Кто-то предположил, что кандидатом может оказаться Дэйв. Он слушал и помалкивал, как подобает тому, кто решил не высовываться. Айра, это едва ли не третий способ лгать – во всяком случае молчать много проще, чем говорить и ничего не сказать. К тому же молчаливый приобретает репутацию мудреца. Сам я к ней никогда не стремился: разговоры – это второе из трех истинных удовольствий нашей жизни, единственное, что отличает нас от обезьяны. Впрочем, разница невелика.

Но тут Дэвид нарушил – или сделал вид, что нарушил, – свою привычную сдержанность. «Нет, – сказал он, – никаких батальонов. Я буду полковым адъютантом. Хочу, чтобы меня замечали девушки».

Быть может, его слов никто не принял всерьез – полковой адъютант ниже батальонного командира. Но их, безусловно, передадут определяющим должности офицерам, и Дэвид знал: скорее всего, это сделает назначенный от кадетов командир полка.

Не важно, как это вышло, но Дэвида назначили полковым адъютантом.

В военных частях того времени полковой адъютант был на виду один, и гостящие на маневрах дамы не могли не заметить его. Но вряд ли это входило в планы Дэвида.

Полковой адъютант выходил на построение только в случае построения всего полка. Он не ходил строем из класса в класс, всегда сам по себе.

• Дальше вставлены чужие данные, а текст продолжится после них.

Lemma mxrep_coefD (F G : 'M[R]_m -> R) :
  mxrep_coef F -> mxrep_coef G -> mxrep_coef (fun M => F M + G M).
Proof.
move=> [n [rho [u [v [rhoM rho1 Frho]]]]] [n' [rho' [u' [v' [rhoM' rho1' Grho]]]]].
exists (n + n')%N, (fun M => block_mx (rho M) 0 0 (rho' M)), (row_mx u u'),
  (col_mx v v'); split=> [A B||M].
- by rewrite mulmx_block rhoM rhoM' !mulmx0 !mul0mx !addr0 !add0r.
- by rewrite rho1 rho1' -scalar_mx_block.
- rewrite Frho Grho mul_row_block !mulmx0 !addr0 !add0r mul_row_col.
  by rewrite [RHS]mxE.
Qed.

Lemma mxrep_coefM (F G : 'M[R]_m -> R) :
  mxrep_coef F -> mxrep_coef G -> mxrep_coef (fun M => F M * G M).
Proof.
move=> [n [rho [u [v [rhoM rho1 Frho]]]]] [n' [rho' [u' [v' [rhoM' rho1' Grho]]]]].
exists (n * n')%N, (fun M => rho M *t rho' M), (u *t u'), (v *t v'); split=> [A B||M].
- by rewrite rhoM rhoM' tensmx_mul.
- rewrite rho1 rho1'; apply/matrixP=> i j.
  case: (mxtens_indexP i) => i0 i1; case: (mxtens_indexP j) => j0 j1.
  rewrite tensmxE !mxE -natrM mulnb (inj_eq (can_inj (@mxtens_indexK _ _))).
  by rewrite xpair_eqE.
- have -> : (0 : 'I_(1 * 1)) = mxtens_index (0, 0) by apply: val_inj.
  by rewrite Frho Grho -tensmxE -!tensmx_mul.
Qed.

Lemma mxrep_coef_mulmx (F : 'M[R]_m -> R) (A B : 'M[R]_m) :
  mxrep_coef F -> mxrep_coef (fun M => F (A *m M *m B)).
Proof.
move=> [n [rho [u [v [rhoM rho1 Frho]]]]].
by exists n, rho, (u *m rho A), (rho B *m v); split=> // M; rewrite Frho !rhoM !mulmxA.
Qed.

End MatrixCoefficients.

Lemma mxrep_coef1_eq0 (R : fieldType) m (F : 'M[R]_m -> R) (g : 'M[R]_m) :
  mxrep_coef F -> g \in unitmx -> (forall k, F (g ^+ k.+1) = 0) -> F 1%:M = 0.
Proof.
case=> [[|n] [rho [u [v [rhoM rho1 Frho]]]]] g_unit Fg; rewrite Frho rho1 mulmx1.
  by rewrite mxE big_ord0.
have rhoX k : rho (g ^+ k) = rho g ^+ k.
  elim: k => [|k IHk]; first by rewrite !expr0 -!idmxE rho1.
  by rewrite exprS -mulmxE rhoM IHk mulmxE -exprS.
have rhog_unit : rho g \in unitmx.
  have : rho g *m rho (invmx g) = 1%:M by rewrite -rhoM mulmxV.
  by case/mulmx1_unit.
(* Cayley-Hamilton: only the constant term p`_0 = +-det (rho g) survives. *)
set p := char_poly (rho g).
have : (u *m horner_mx (rho g) p *m v) 0 0 = p`_0 * (u *m v) 0 0.
  rewrite -[p in horner_mx _ p]coefK poly_def size_char_poly rmorph_sum /=.
  rewrite mulmx_sumr mulmx_suml summxE big_ord_recl big1 => [|i _].
    by rewrite addr0 linearZ /= expr0 rmorph1 -idmxE -scalemxAr mulmx1 -scalemxAl mxE.
  rewrite linearZ /= rmorphXn /= horner_mx_X -scalemxAr -scalemxAl mxE.
  by rewrite -rhoX -Frho Fg mulr0.
rewrite Cayley_Hamilton mulmx0 mul0mx mxE => /esym/eqP; rewrite mulf_eq0 => /orP[|/eqP //].
by rewrite char_poly_det mulf_eq0 signr_eq0 -[_ == 0]negbK -unitfE -unitmxE rhog_unit.
Qed.

Lemma poly_natr_roots_eq0 (R : numDomainType) (P : {poly R}) :
  (forall k, P.[k.+1%:R] = 0) -> P = 0.
Proof.
move=> Pk; apply: (@roots_geq_poly_eq0 _ P [seq k.+1%:R | k <- iota 0 (size P)]).
- by apply/allP => _ /mapP[k _ ->]; apply/rootP.
- by rewrite map_inj_uniq ?iota_uniq // => i j /eqP; rewrite eqr_nat eqSS => /eqP.
- by rewrite size_map size_iota.
Qed.

Definition elemmx (R : pzRingType) n (i j : 'I_n) (t : R) : 'M[R]_n :=
  1%:M + t *: delta_mx i j.

Section AdmissibleFunctions.
Variables (R : numFieldType) (m : nat).

Definition poly_on_lines (F : 'M[R]_m -> R) : Prop :=
  forall A B : 'M[R]_m, exists P : {poly R}, forall t, F (A + t *: B) = P.[t].

Definition admissible (F : 'M[R]_m -> R) : Prop := mxrep_coef F /\ poly_on_lines F.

Прочие выпускники командовали каким-нибудь подразделением – отделением, взводом, ротой, батальоном, полком; полковой адъютант был избавлен от подобной обузы и исполнял одно административное поручение: хранил список вахт самых старших кадетов-офицеров. Но сам в этом списке не значился, а являлся внештатным заместителем на случай болезни кого-нибудь из них.

Для лентяя это был настоящий подарок. Кадеты-офицеры народ здоровый, и шансы на то, что кто-то достаточно серьезно заболеет, варьировались от пренебрежимо малых до полного нуля.

Три года герой наш отстаивал свою вахту каждый десятый день. Дежурства от него особых усилий не требовали, но приходилось вставать на полчаса раньше или ложиться на полчаса позже, да еще подолгу стоять, так что уставали ноги, что шло вразрез с трепетным отношением Дэйва к собственному комфорту.

Но в последний год на долю Дэвида выпало только три вахты, да и те он «стоял» сидя, как «младший офицер караула».

Наконец настал долгожданный день. Учеба была закончена. Дэвид получил документы, а потом направился в церковь, где еще раз сочетался браком с собственной женой. Живот ее оказался чуть более округлым, чем следовало бы, но в те времена подобные вещи нередко случались с невестами, и когда молодая пара вступала в брак, обо всем преспокойно забывали. Все знали – хотя и редко упоминали об этом, – что ретивая молодая невеста вполне способна за семь месяцев управиться с тем делом, на которое у коровы – как и у герцогини – уходит девять.

Итак, Дэйв благополучно миновал все рифы и мели и мог уже не опасаться возвращения к своему мулу и «честному труду».


Но в жизни младшего офицера на военном корабле оказались свои недостатки. Было в ней кое-что неплохое – слуги, удобная постель, непыльная работа, от которой руки Дэвида редко становились грязными. И в два раза больше денег. Но ему все равно нужно было больше – жена ведь; к тому же корабль его слишком часто болтался в море, тем самым лишая Дэйва той приятной компенсации, которую предоставляет брак. Но что хуже всего – приходилось выстаивать вахты по короткому списку, который означал четырехчасовое дежурство каждую вторую ночь. Он не высыпался, ноги его гудели.

Поэтому Дэвид пошел учиться на аэронавта. Флотское начальство только что решило завести свои воздушные силы, а потому старалось заграбастать все что можно – лишь бы не попало в чужие руки, а именно в руки армии. Но армия успела подсуетиться раньше, флот отставал, а потому нуждался в добровольцах для полетов.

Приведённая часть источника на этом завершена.